Lemma mxnorm_ge A i j : nu (A i j) <= mxnorm A.
Proof.
by rewrite /mxnorm; case: (ord2P i) => ->; case: (ord2P j) => ->;
  rewrite !le_max lexx ?orbT.
Qed.

Lemma mxnorm_le A r : (forall i j, nu (A i j) <= r) -> mxnorm A <= r.
Proof. by move=> Ar; rewrite /mxnorm !ge_max !Ar. Qed.

Lemma mxnorm_lt A r : (forall i j, nu (A i j) < r) -> mxnorm A < r.
Proof. by move=> Ar; rewrite /mxnorm !gt_max !Ar. Qed.

Lemma mxnorm_ltP A r : mxnorm A < r -> forall i j, nu (A i j) < r.
Proof. by move=> Ar i j; apply: le_lt_trans (mxnorm_ge A i j) Ar. Qed.

Lemma mxnorm_ge0 A : 0 <= mxnorm A.
Proof. exact: le_trans (nu_ge0 _) (mxnorm_ge A 0 0). Qed.

Lemma mxnorm_attained A : exists i j, nu (A i j) = mxnorm A.
Proof. by rewrite /mxnorm !maxEle; repeat case: ifP => _; do 2 eexists. Qed.

Lemma mxnorm0 : mxnorm 0 = 0.
Proof. by apply/le_anti; rewrite mxnorm_ge0 andbT mxnorm_le // => i j; rewrite mxE nu0. Qed.

Lemma mxnorm_eq0 A : (mxnorm A == 0) = (A == 0).
Proof.
apply/eqP/eqP => [A0|->]; last exact: mxnorm0.
apply/matrixP => i j; rewrite mxE; apply/nu_eq0.
by apply/le_anti; rewrite nu_ge0 -A0 mxnorm_ge.
Qed.

Lemma mxnorm_gt0 A : A != 0 -> 0 < mxnorm A.
Proof. by move=> A0; rewrite lt_def mxnorm_ge0 mxnorm_eq0 A0. Qed.

Lemma mxnormD_le A B r : mxnorm A <= r -> mxnorm B <= r -> mxnorm (A + B) <= r.
Proof.
move=> Ar Br; apply: mxnorm_le => i j; rewrite mxE.
by apply: nuD_le; apply: le_trans (mxnorm_ge _ i j) _.
Qed.

Lemma mxnormD_lt A B r : mxnorm A < r -> mxnorm B < r -> mxnorm (A + B) < r.
Proof.
move=> Ar Br; apply: mxnorm_lt => i j; rewrite mxE.
by apply: nuD_lt; apply: le_lt_trans (mxnorm_ge _ i j) _.
Qed.

Lemma mxnormD_dominant A B : mxnorm B < mxnorm A -> mxnorm (A + B) = mxnorm A.
Proof.
move=> BA; apply/le_anti; rewrite mxnormD_le ?(ltW BA) //=.
have [i [j Aij]] := mxnorm_attained A; rewrite -Aij.
rewrite -(nuD_dominant (y := B i j)); first by have := mxnorm_ge (A + B) i j; rewrite mxE.
by apply: le_lt_trans (mxnorm_ge B i j) _; rewrite Aij.
Qed.

Lemma mxnorm_sum_le (I : finType) (F : I -> 'M[K]_2) r :
  0 <= r -> (forall i, mxnorm (F i) <= r) -> mxnorm (\sum_i F i) <= r.
Proof.
move=> r0 Fr; elim/big_ind: _ => //; first by rewrite mxnorm0.
by move=> A B; apply: mxnormD_le.
Qed.

Lemma mxnormM A B : mxnorm (A *m B) <= mxnorm A * mxnorm B.
Proof.
apply: mxnorm_le => i j; rewrite mxE; apply: nu_sum_le => [|k].
  by rewrite mulr_ge0 ?mxnorm_ge0.
by rewrite nuM ler_pM ?nu_ge0 ?mxnorm_ge.
Qed.

Lemma mxnormZ c A : mxnorm (c *: A) = nu c * mxnorm A.
Proof.
apply/le_anti; rewrite mxnorm_le => [|i j]; last first.
  by rewrite mxE nuM ler_wpM2l ?nu_ge0 ?mxnorm_ge.
have [i [j <-]] := mxnorm_attained A.
by have := mxnorm_ge (c *: A) i j; rewrite mxE nuM.
Qed.

Lemma mxnormMn A m : mxnorm (A *+ m) <= mxnorm A.
Proof.
rewrite -scaler_nat mxnormZ -[leRHS]mul1r.
by rewrite ler_wpM2r ?mxnorm_ge0 ?nu_natr_le1.
Qed.

Lemma mxnormX A k : mxnorm (A ^+ k) <= mxnorm A ^+ k.
Proof.
elim: k => [|k IH].
  by rewrite !expr0; apply: mxnorm_le => i j; rewrite mxE; case: eqP; rewrite ?nu1 ?nu0.
rewrite exprSr -mulmxE exprSr; apply: le_trans (mxnormM _ _) _.
by rewrite ler_wpM2r ?mxnorm_ge0.
Qed.

Lemma finite_residue_nat_lt1 :
  finite_residue_field nu -> exists2 n, (0 < n)%N & nu n%:R < 1.
Proof.
case=> s [_ res]; pose near k a := nu (k%:R - a) < 1.
have near_s k : has (near k) s.
  by have [a sa ka] := res _ (nu_natr_le1 k); apply/hasP; exists a.
have find_lt k : (find (near k) s < size s)%N by rewrite -has_find.
pose f (k : 'I_(size s).+1) : 'I_(size s) := Ordinal (find_lt k).
have close i j : f i = f j -> nu (i%:R - j%:R) < 1.
  move=> /(congr1 val) /= fij; have := nth_find 0 (near_s i); have := nth_find 0 (near_s j).
  rewrite -fij /near; set a := nth 0 s _ => ja ia.
  have -> : i%:R - j%:R = (i%:R - a) + - (j%:R - a) :> K by ring.
  by rewrite nuD_lt // nuN.
apply: NNPP => none; suff /leq_card : injective f by rewrite !card_ord ltnn.
have apart (i j : nat) : (i < j)%N -> ~ nu (i%:R - j%:R) < 1.
  move=> ij ij1; apply: none; exists (j - i)%N; first by rewrite subn_gt0.
  by rewrite natrB ?(ltnW ij) // -nuN opprB.
move=> i j /close fij; apply/val_inj; case: (ltngtP i j) => // [ij | ji].
- by have := apart _ _ ij fij.
- by have := apart _ _ ji; rewrite -nuN opprB.
Qed.

(** * Discreteness near the identity *)

Lemma discrete_subgroupS (G H : mat K -> Prop) :
  (forall x, H x -> G x) -> discrete_subgroup nu G -> discrete_subgroup nu H.
Proof.
move=> HG Gdisc g Hg; have [e e0 De] := Gdisc g (HG g Hg).
by exists e => // h Hh; apply: De; apply: HG.
Qed.

Definition one_isolated (G : mat K -> Prop) : Prop :=
  exists2 e : R, 0 < e & forall h, G h -> mxnorm (h - 1) < e -> h = 1.

Lemma discrete_one_isolated G : G 1%:M -> discrete_subgroup nu G -> one_isolated G.
Proof.
move=> G1 /(_ _ G1)[e e0 De]; exists e => // h Gh he.
by apply: De => // i j; have := mxnorm_ltP he i j; rewrite !mxE.
Qed.

Lemma one_isolated_discrete G :
  is_subgroup_SL2 G -> one_isolated G -> discrete_subgroup nu G.
Proof.
move=> [Gdet _ GM GV] [e e0 De] g Gg.
have gU : g \in unitmx by rewrite unitmxE Gdet ?unitr1.
pose C := mxnorm (invmx g) + 1.
have C0 : 0 < C by rewrite ltr_wpDl ?mxnorm_ge0.
exists (e / C) => [|h Gh hg]; first by rewrite divr_gt0.
have hg' : mxnorm (h - g) < e / C by apply: mxnorm_lt => i j; rewrite !mxE.
suff hg1 : h *m invmx g = 1 by rewrite -[h]mulmx1 -(mulVmx gU) mulmxA hg1 mul1mx.
apply: De; first exact: GM _ _ Gh (GV _ Gg).
have -> : h *m invmx g - 1 = (h - g) *m invmx g by rewrite mulmxBl mulmxV.
apply: le_lt_trans (mxnormM _ _) _.
rewrite ltr_pdivlMr // in hg'; apply: le_lt_trans hg'.
by rewrite ler_wpM2l ?mxnorm_ge0 // lerDl.
Qed.

Lemma mxnorm_expn_sub1 (n : nat) X : 0 < nu n%:R -> mxnorm X < nu n%:R ->
  mxnorm ((X + 1) ^+ n - 1) = nu n%:R * mxnorm X.
Proof.
move=> n0 Xn; have [->|X0] := eqVneq X 0; first by rewrite add0r expr1n subrr mxnorm0 mulr0.
case: n n0 Xn => [|n] n0 Xn; first by rewrite nu0 ltxx in n0.
have X1 : mxnorm X <= 1 by apply/ltW/(lt_le_trans Xn)/nu_natr_le1.
rewrite exprD1n big_ord_recl big_ord_recl /= expr0 bin0 expr1 bin1 (addrC 1) addrK.
set higher := \sum_(i < n) _.
suff hi : mxnorm higher < mxnorm (n.+1%:R *: X).
  by rewrite -[X *+ _]scaler_nat mxnormD_dominant // mxnormZ.
rewrite mxnormZ; apply: (@le_lt_trans _ _ (mxnorm X ^+ 2)); last first.
  by rewrite expr2 ltr_pM2r ?mxnorm_gt0.
apply: mxnorm_sum_le => [|i]; first by rewrite exprn_ge0 ?mxnorm_ge0.
apply: le_trans (mxnormMn _ _) _; apply: le_trans (mxnormX _ _) _.
by rewrite /bump /= !add1n ler_wiXn2l ?mxnorm_ge0.
Qed.

Lemma mxnorm_expn_iter_sub1 (n : nat) h k : 0 < nu n%:R ->
  mxnorm (h - 1) < nu n%:R ->
  mxnorm (h ^+ (n ^ k) - 1) = nu n%:R ^+ k * mxnorm (h - 1).
Proof.
move=> n0 hn; elim: k => [|k IH]; first by rewrite expn0 expr1 expr0 mul1r.
rewrite expnSr exprM -[h ^+ _](subrK 1) mxnorm_expn_sub1 // IH.
  by rewrite exprS mulrA.
apply: le_lt_trans hn; rewrite -[leRHS]mul1r ler_wpM2r ?mxnorm_ge0 //.
by rewrite exprn_ile1 ?nu_ge0 ?nu_natr_le1.
Qed.

Lemma gen2_expr (a : mat K) k : gen2 a a (a ^+ k).
Proof.
move=> H [_ H1 HM _] Ha _; elim: k => [|k IH]; first by rewrite expr0.
by rewrite exprSr -mulmxE; apply: HM.
Qed.

Lemma cyclic_discrete_one_isolated (n : nat) (G : mat K -> Prop) :
  0 < nu n%:R < 1 -> (forall h, G h -> discrete_subgroup nu (gen2 h h)) ->
  one_isolated G.
Proof.
move=> /andP[n0 n1] Gcyc; exists (nu n%:R) => // h Gh hn; apply: NNPP => h1.
have h10 : 0 < mxnorm (h - 1) by rewrite mxnorm_gt0 // subr_eq0; apply/eqP.
have [e e0 De] := discrete_one_isolated (@gen2_expr h 0) (Gcyc h Gh).
have [k nk] := exists_exprn_lt (nu_ge0 _) n1 (divr_gt0 e0 h10).
have hk := mxnorm_expn_iter_sub1 k n0 hn.
have hk1 : h ^+ (n ^ k) = 1.
  by apply: De; [exact: gen2_expr | rewrite hk -ltr_pdivlMr].
move/eqP: hk; rewrite hk1 subrr mxnorm0 eq_sym mulf_eq0 expf_eq0.
by rewrite !gt_eqF ?andbF.
Qed.

Lemma not_one_isolated_near (G : mat K -> Prop) e : ~ one_isolated G -> 0 < e ->
  exists h, [/\ G h, h - 1 != 0 & mxnorm (h - 1) < e].
Proof.
move=> not_isolated e0; apply: NNPP => none; apply: not_isolated.
exists e => // h Gh he; apply: NNPP => h1; apply: none.
by exists h; rewrite subr_eq0; split=> //; apply/eqP.
Qed.

Lemma conjmx_sub1 (a h : mat K) : a \in unitmx ->
  a *m h *m invmx a - 1 = a *m (h - 1) *m invmx a.
Proof. by move=> aU; rewrite mulmxBr mulmxBl mulmx1 mulmxV. Qed.

Lemma mxnorm_conj_sub1 a h : a \in unitmx ->
  mxnorm (a *m h *m invmx a - 1) <= mxnorm a * mxnorm (invmx a) * mxnorm (h - 1).
Proof.
move=> aU; rewrite conjmx_sub1 //; apply: le_trans (mxnormM _ _) _.
rewrite mulrAC ler_wpM2r ?mxnorm_ge0 //.
exact: mxnormM.
Qed.

Section PositiveCharacteristic.
Variables (p : nat) (G : mat K -> Prop).
Hypotheses (pK : p \in [pchar K]) (HG : is_subgroup_SL2 G).
Hypothesis Gcyc : forall h, G h -> discrete_subgroup nu (gen2 h h).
########################################
**EXERCISE GOAL**
Please reproduce exactly the lines in the listing above from the one containing "move=> G1 /(_" through the one containing "exists (e /", both included, and nothing more.

**THE ANSWER**
move=> G1 /(_ _ G1)[e e0 De]; exists e => // h Gh he.
by apply: De => // i j; have := mxnorm_ltP he i j; rewrite !mxE.
Qed.

Lemma one_isolated_discrete G :
  is_subgroup_SL2 G -> one_isolated G -> discrete_subgroup nu G.
Proof.
move=> [Gdet _ GM GV] [e e0 De] g Gg.
have gU : g \in unitmx by rewrite unitmxE Gdet ?unitr1.
pose C := mxnorm (invmx g) + 1.
have C0 : 0 < C by rewrite ltr_wpDl ?mxnorm_ge0.
exists (e / C) => [|h Gh hg]; first by rewrite divr_gt0.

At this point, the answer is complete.